The raids were carried out using the 2011 Search and Surveillance Act, which gives the police wide powers. Wilson and his colleague could face 12 months in jail or a NZ$10,000 fine, although no one has been charged yet.
The raids were a “fishing expedition to see what could be found to incriminate these individuals,” said Felicity Coggan of the Communist League, the other forum speaker. “And to intimidate all those who oppose sanctions against North Korea.”
Despite the sanctions exempting aid organizations, banks internationally are refusing to handle their transactions because of U.S. pressure, Robson said. “Of 17 NGOs that used to work in North Korea there is only one now.”
“These sanctions fall hardest on workers and farmers in North Korea,” Coggan said. U.N. agencies estimate 43% of the population is undernourished.

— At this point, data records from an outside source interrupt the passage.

Lemma minpolyK_exists x : exists p, is_minpoly iota p x.
Proof.
have [p0 [p0_neq0 p0x]] := Lalg x.
elim: {p0}(size p0) {-2}p0 (leqnn (size p0)) p0_neq0 p0x => [|n IHn] p.
  by rewrite leqn0 size_poly_eq0 => /eqP->; rewrite eqxx.
move=> size_p p_neq0 px.
have [p_min | /not_all_ex_not[q]] := classic (forall q, root q^i x -> p %| q).
  exists ((lead_coef p)^-1 *: p); split.
  - by rewrite monicE lead_coefZ mulVf ?lead_coef_eq0.
  - by rewrite map_polyZ rootE hornerZ (rootP px) mulr0.
  - by move=> q /p_min; rewrite dvdpZl // invr_eq0 lead_coef_eq0.
move=> /(imply_to_and (root q^i x)) [qx /negP p_ndvd_q].
apply: (IHn (q %% p)); last exact: root_map_modp.
  by rewrite -ltnS (leq_trans _ size_p) // ltn_modp.
by apply: contra p_ndvd_q => /eqP/modp_eq0P.
Qed.

Lemma minpolyKP x : is_minpoly iota (minpolyK iota x) x.
Proof. exact: epsilon_spec (minpolyK_exists x). Qed.

Lemma minpolyK_monic x : minpolyK iota x \is monic.
Proof. by case: (minpolyKP x). Qed.

Lemma root_minpolyK x : root (minpolyK iota x)^i x.
Proof. by case: (minpolyKP x). Qed.

Lemma minpolyK_dvdp x q : root q^i x -> minpolyK iota x %| q.
Proof. by case: (minpolyKP x) => _ _; apply. Qed.

Lemma minpolyK_eq p x : is_minpoly iota p x -> minpolyK iota x = p.
Proof.
case=> p_monic px p_min; apply/eqP.
rewrite -eqp_monic ?minpolyK_monic // /eqp minpolyK_dvdp //=.
by rewrite p_min // root_minpolyK.
Qed.

Lemma size_minpolyK_gt1 x : (1 < size (minpolyK iota x))%N.
Proof.
have := root_minpolyK x; rewrite -(size_map_poly iota) => /root_size_gt1.
by rewrite map_poly_eq0 monic_neq0 ?minpolyK_monic //; apply.
Qed.

Lemma size_minpolyK x : size (minpolyK iota x) = (degK iota x).+1.
Proof. by rewrite /degK prednK // ltnW // size_minpolyK_gt1. Qed.

Lemma degK_gt0 x : (0 < degK iota x)%N.
Proof. by rewrite -ltnS -size_minpolyK size_minpolyK_gt1. Qed.

Lemma minpolyK_irreducible x : irreducible_poly (minpolyK iota x).
Proof.
split=> [|q size_q_neq1 /dvdpP[r def_mu]]; first exact: size_minpolyK_gt1.
have [r_neq0 q_neq0] : r != 0 /\ q != 0.
  by apply/norP; rewrite -mulf_eq0 -def_mu monic_neq0 ?minpolyK_monic.
have := root_minpolyK x; rewrite def_mu rmorphM rootM => /orP[rx | qx].
  have := dvdp_leq r_neq0 (minpolyK_dvdp rx); rewrite def_mu size_mul //.
  move: size_q_neq1 (size_poly_gt0 q) (size_poly_gt0 r); rewrite q_neq0 r_neq0.
  lia.
by rewrite /eqp dvdp_mulIr -def_mu minpolyK_dvdp.
Qed.

Lemma minpolyK_iota a : minpolyK iota (iota a) = 'X - a%:P.
Proof.
apply: minpolyK_eq; split; first exact: monicXsubC.
  by rewrite rmorphB /= map_polyX map_polyC /= root_XsubC.
by move=> q; rewrite /root horner_map fmorph_eq0 => qa; rewrite dvdp_XsubCl.
Qed.

Lemma degK_iota a : degK iota (iota a) = 1%N.
Proof. by rewrite /degK minpolyK_iota size_XsubC. Qed.

Lemma HK_iota a : HK iota (iota a) = a.
Proof.
by rewrite /HK degK_iota minpolyK_iota coefB coefX coefC sub0r opprK divr1.
Qed.

Lemma kinv_iota a : kinv iota (iota a) = iota a.
Proof. by rewrite /kinv /VK HK_iota subrr subr0. Qed.

Lemma degK_eq1 x : degK iota x = 1%N <-> inK iota x.
Proof.
split=> [deg1 | [a ->]]; last exact: degK_iota.
have size_mu : size (minpolyK iota x) = 2%N by rewrite size_minpolyK deg1.
have [a mu_a] := poly2_root size_mu.
have mu_Xa : minpolyK iota x = 'X - a%:P.
  apply/eqP; rewrite -eqp_monic ?minpolyK_monic ?monicXsubC //.
  by rewrite eqp_sym -dvdp_size_eqp ?dvdp_XsubCl // size_XsubC size_mu.
have := root_minpolyK x; rewrite mu_Xa rmorphB /= map_polyX map_polyC /=.
by rewrite root_XsubC => /eqP->; exists a.
Qed.

Lemma subfield_over_inK : subfield_over iota (inK iota).
Proof.
split.
- by move=> a; exists a.
- by move=> _ _ [a ->] [b ->]; exists (a + b); rewrite rmorphD.
- by move=> _ [a ->]; exists (- a); rewrite rmorphN.
- by move=> _ _ [a ->] [b ->]; exists (a * b); rewrite rmorphM.
- by move=> _ [a ->]; exists a^-1; rewrite fmorphV.
Qed.

Definition quad_poly (h c : F) : {poly F} := ('X - h%:P) ^+ 2 - c%:P.

Lemma coef_quad_poly h c i : (quad_poly h c)`_i =
  if i == 0%N then h ^+ 2 - c else if i == 1%N then - h *+ 2
  else if i == 2%N then 1 else 0.
Proof. by rewrite /quad_poly sqrrB !coefE; case: i => [|[|[|i]]] /=; ring. Qed.

Lemma size_quad_poly h c : size (quad_poly h c) = 3%N.
Proof.
rewrite /quad_poly size_addl ?size_exp_XsubC // size_opp.
exact: leq_ltn_trans (size_polyC_leq1 c) _.
Qed.

Lemma quad_poly_monic h c : quad_poly h c \is monic.
Proof. by rewrite monicE lead_coefE size_quad_poly coef_quad_poly. Qed.

Lemma root_quad_poly h c y : root (quad_poly h c)^i y = ((y - iota h) ^+ 2 == iota c).
Proof.
rewrite /root /quad_poly rmorphB rmorphXn rmorphB /= map_polyX !map_polyC /=.
by rewrite !hornerE subr_eq0.
Qed.

Lemma minpolyK_quad y h c :
  ~ inK iota y -> (y - iota h) ^+ 2 = iota c -> minpolyK iota y = quad_poly h c.
Proof.
move=> yNK yh2; have mu_dvd : minpolyK iota y %| quad_poly h c.
  by apply: minpolyK_dvdp; rewrite root_quad_poly yh2.
apply/eqP; rewrite -eqp_monic ?minpolyK_monic ?quad_poly_monic //.
rewrite -dvdp_size_eqp // size_quad_poly size_minpolyK eqSS.
have := dvdp_leq (monic_neq0 (quad_poly_monic h c)) mu_dvd.
rewrite size_quad_poly size_minpolyK ltnS leq_eqVlt => /orP[// | ].
have := degK_gt0 y; case: (degK iota y) (degK_eq1 y) => [|[|]] // [deg1 _] _ _.
by case: yNK; apply: deg1.
Qed.

Hypothesis char_neq2 : (2%:R : F) != 0.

“Calling for an end to sanctions against the DPRK is a basic act of solidarity with workers and farmers there,” Coggan said. “Ending the sanctions would open opportunities for workers and farmers in both North and South Korea to get to know each other and work together, to fight to end the division of their country.”

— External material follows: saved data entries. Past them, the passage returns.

End Coordinates.

Lemma coord_zbasis_int (K : fieldExtType rat) n (e : 'I_n -> K) k L y :
  zbasis L e -> L y -> coord [tuple e l | l < n] k y \is a Num.int.
Proof. by case=> e_free Le /Le[z ->]; rewrite coord_zcomb // intr_int. Qed.

Lemma coord_sum_lift (K : fieldExtType rat) n (e : 'I_n.+1 -> K) (x : 'I_n -> rat) i :
  free [tuple e l | l < n.+1] ->
  coord [tuple e l | l < n.+1] (lift ord0 i) (\sum_l x l *: e (lift ord0 l)) = x i.
Proof.
move=> e_free; rewrite linear_sum (bigD1 i) //= big1 ?addr0 => [|l /negPf nli].
  by rewrite linearZ /= coord_free_fun // eqxx mulr1.
by rewrite linearZ /= coord_free_fun // (inj_eq lift_inj) nli mulr0.
Qed.

Lemma coord_lift_congr_int (K : fieldExtType rat) n (e : 'I_n.+1 -> K) L i x y
    (z : int) (p : nat) :
  (0 < p)%N -> zbasis L e -> L x -> y - z%:~R * e ord0 = p%:R * x ->
  coord [tuple e l | l < n.+1] (lift ord0 i) y / p%:R \is a Num.int.
Proof.
move=> p_gt0 Lbasis Lx /(congr1 (coord [tuple e l | l < n.+1] (lift ord0 i))).
rewrite linearB mulrzl -scaler_int linearZ /= coord_free_fun ?Lbasis.1 //.
rewrite (negPf (neq_lift _ _)) mulr0 subr0 mulr_natl raddfMn /= => ->.
rewrite -[X in X / _]mulr_natr mulfK ?pnatr_eq0 -?lt0n //.
exact: coord_zbasis_int _ Lbasis Lx.
Qed.

Section AForm.
Variables (K : fieldExtType rat) (r : nat) (e : 'I_(r.+2) -> K) (u : 'I_(r.+1) -> K).
Variables (h' : K) (c : 'I_(r.+1) -> 'I_(r.+2) -> int).
Local Notation E := [tuple e l | l < r.+2].
Local Notation a := (aform e u h' c).

Definition aform_mx (y : K) : 'M[rat]_(r.+2) :=
  \matrix_(i, l) coord E l (if unlift ord_max i is Some j then u j * h' else y).

Lemma aformE y : a y = \det (aform_mx y) / (lam c)%:~R.
Proof. by []. Qed.

Lemma aform_is_scalar : scalar a.
Proof.
move=> k y z; rewrite !aformE mulrA -mulrDl.
rewrite (determinant_multilinear (i0 := ord_max) (b := k) (c := 1)
  (B := aform_mx y) (C := aform_mx z)) ?mul1r //.
- by apply/rowP => l; rewrite !mxE unlift_none linearP mul1r.
- by apply/matrixP => i l; rewrite !mxE liftK.
- by apply/matrixP => i l; rewrite !mxE liftK.
Qed.

HB.instance Definition _ := GRing.isLinear.Build rat K rat *%R a aform_is_scalar.

Lemma aform_u_h' j : a (u j * h') = 0.
Proof.
rewrite aformE (determinant_alternate (i1 := lift ord_max j) (i2 := ord_max)) ?mul0r //.
- by rewrite eq_sym neq_lift.
- by move=> k; rewrite !mxE liftK unlift_none.
Qed.

Hypothesis e_free : free E.
Hypothesis u_h'_trig : forall j : 'I_(r.+1),
  u j * h' = \sum_(k < r.+2 | (k <= j)%N) (c j k)%:~R * e k.

Lemma coord_u_h' j k : coord E k (u j * h') = (if (k <= j)%N then c j k else 0)%:~R.
Proof. by rewrite u_h'_trig coord_zcomb. Qed.

Lemma coord_u_h'_diag j :
  coord E (widen_ord (leqnSn _) j) (u j * h') = (c j (widen_ord (leqnSn _) j))%:~R.
Proof. by rewrite coord_u_h' /= leqnn. Qed.

Hypothesis e0 : e ord0 = h'.
Hypothesis u0 : u ord0 = 1.
Hypothesis c_gt0 : forall j : 'I_(r.+1), 0 < c j (widen_ord (leqnSn _) j).

(* aform_mx (e ord_max) is lower triangular with diagonal c_00 = 1, c_11, ..., c_rr, 1,
   and lam c is the product of the c_jj for j > 0. *)
Lemma aform_e_max : a (e ord_max) = 1.
Proof.
have lam_neq0 : (lam c)%:~R != 0 :> rat by rewrite intr_eq0 lt0r_neq0 // prodr_gt0.
have c00 : c ord0 (widen_ord (leqnSn _) ord0) = 1.
  by apply: (@intr_inj rat); rewrite -coord_u_h'_diag u0 mul1r -e0 coord_free_fun.
have trig : is_trig_mx (aform_mx (e ord_max)).
  apply/is_trig_mxP => i k; case: (unliftP ord_max i) => [j ->|->] ik; rewrite mxE.
    by rewrite liftK coord_u_h' -ltnS -(lift_max j) ltnNge ik.
  by rewrite ltnNge -ltnS ltn_ord in ik.
have diag j : aform_mx (e ord_max) (widen_ord (leqnSn _) j) (widen_ord (leqnSn _) j)
    = (c j (widen_ord (leqnSn _) j))%:~R.
  have -> : widen_ord (leqnSn _) j = lift ord_max j by apply: val_inj; rewrite [RHS]lift_max.
  by rewrite mxE liftK coord_u_h' lift_max leqnn.
rewrite aformE det_trig // big_ord_recr /= !mxE unlift_none coord_free_fun // eqxx mulr1.
under eq_bigr => j _ do rewrite diag.
by rewrite (bigD1 ord0) //= c00 mul1r -rmorph_prod divff.
Qed.

Hypothesis dimK : \dim {: K} = r.+2.

Lemma aform_mul_coord k y :
  a (u k * y) = \sum_i Amat e u h' c k i * coord E (lift ord0 i) y.
Proof.
rewrite {1}(coord_expansion e_free y dimK) mulr_sumr raddf_sum big_ord_recl /=.
rewrite -scalerAr linearZ /= e0 aform_u_h' mulr0 add0r.
by apply: eq_bigr => i _; rewrite -scalerAr linearZ /= mxE mulrC.
Qed.

Lemma Amat_mul_zcoord L (y : 'I_(r.+1) -> K) : zbasis L e -> (forall j, L (y j)) ->
  exists M : 'M[int]_(r.+1), Amat e u h' c *m intr_mx M = \matrix_(k, j) a (u k * y j).
Proof.
move=> Lbasis Ly; exists (\matrix_(i, j) numq (coord E (lift ord0 i) (y j))).
apply/matrixP => k j; rewrite !mxE aform_mul_coord; apply: eq_bigr => i _.
by rewrite !mxE numqK // (coord_zbasis_int _ Lbasis (Ly j)).
Qed.

Hypothesis u_free : free [tuple u j | j < r.+1].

Korea was divided into North and South, against the will of the Korean people, by the U.S. rulers after their victory in the second imperialist world war, with the acquiescence of the Stalinist rulers in Moscow. Workers and farmers carried out revolutionary mobilizations throughout Korea after the war, and capitalism was overthrown in the North. Washington occupied the South and installed a dictatorship that put down revolutionary struggles there in blood.
Between 1950 and 1953, Wellington joined Washington in a brutal war seeking to reconquer all of Korea, sending over 6,000 troops.
Aided by volunteers from China, the North Koreans fought Washington to a stalemate, and the U.S. government and its U.N. allies to this day refuse to sign a peace treaty.
“The New Zealand government must end its complicity in sanctions against North Korea,” Coggan said, “and its police and spy agencies should back off their interference against the NZ-DPRK Society, and return all the materials they confiscated to their owners.”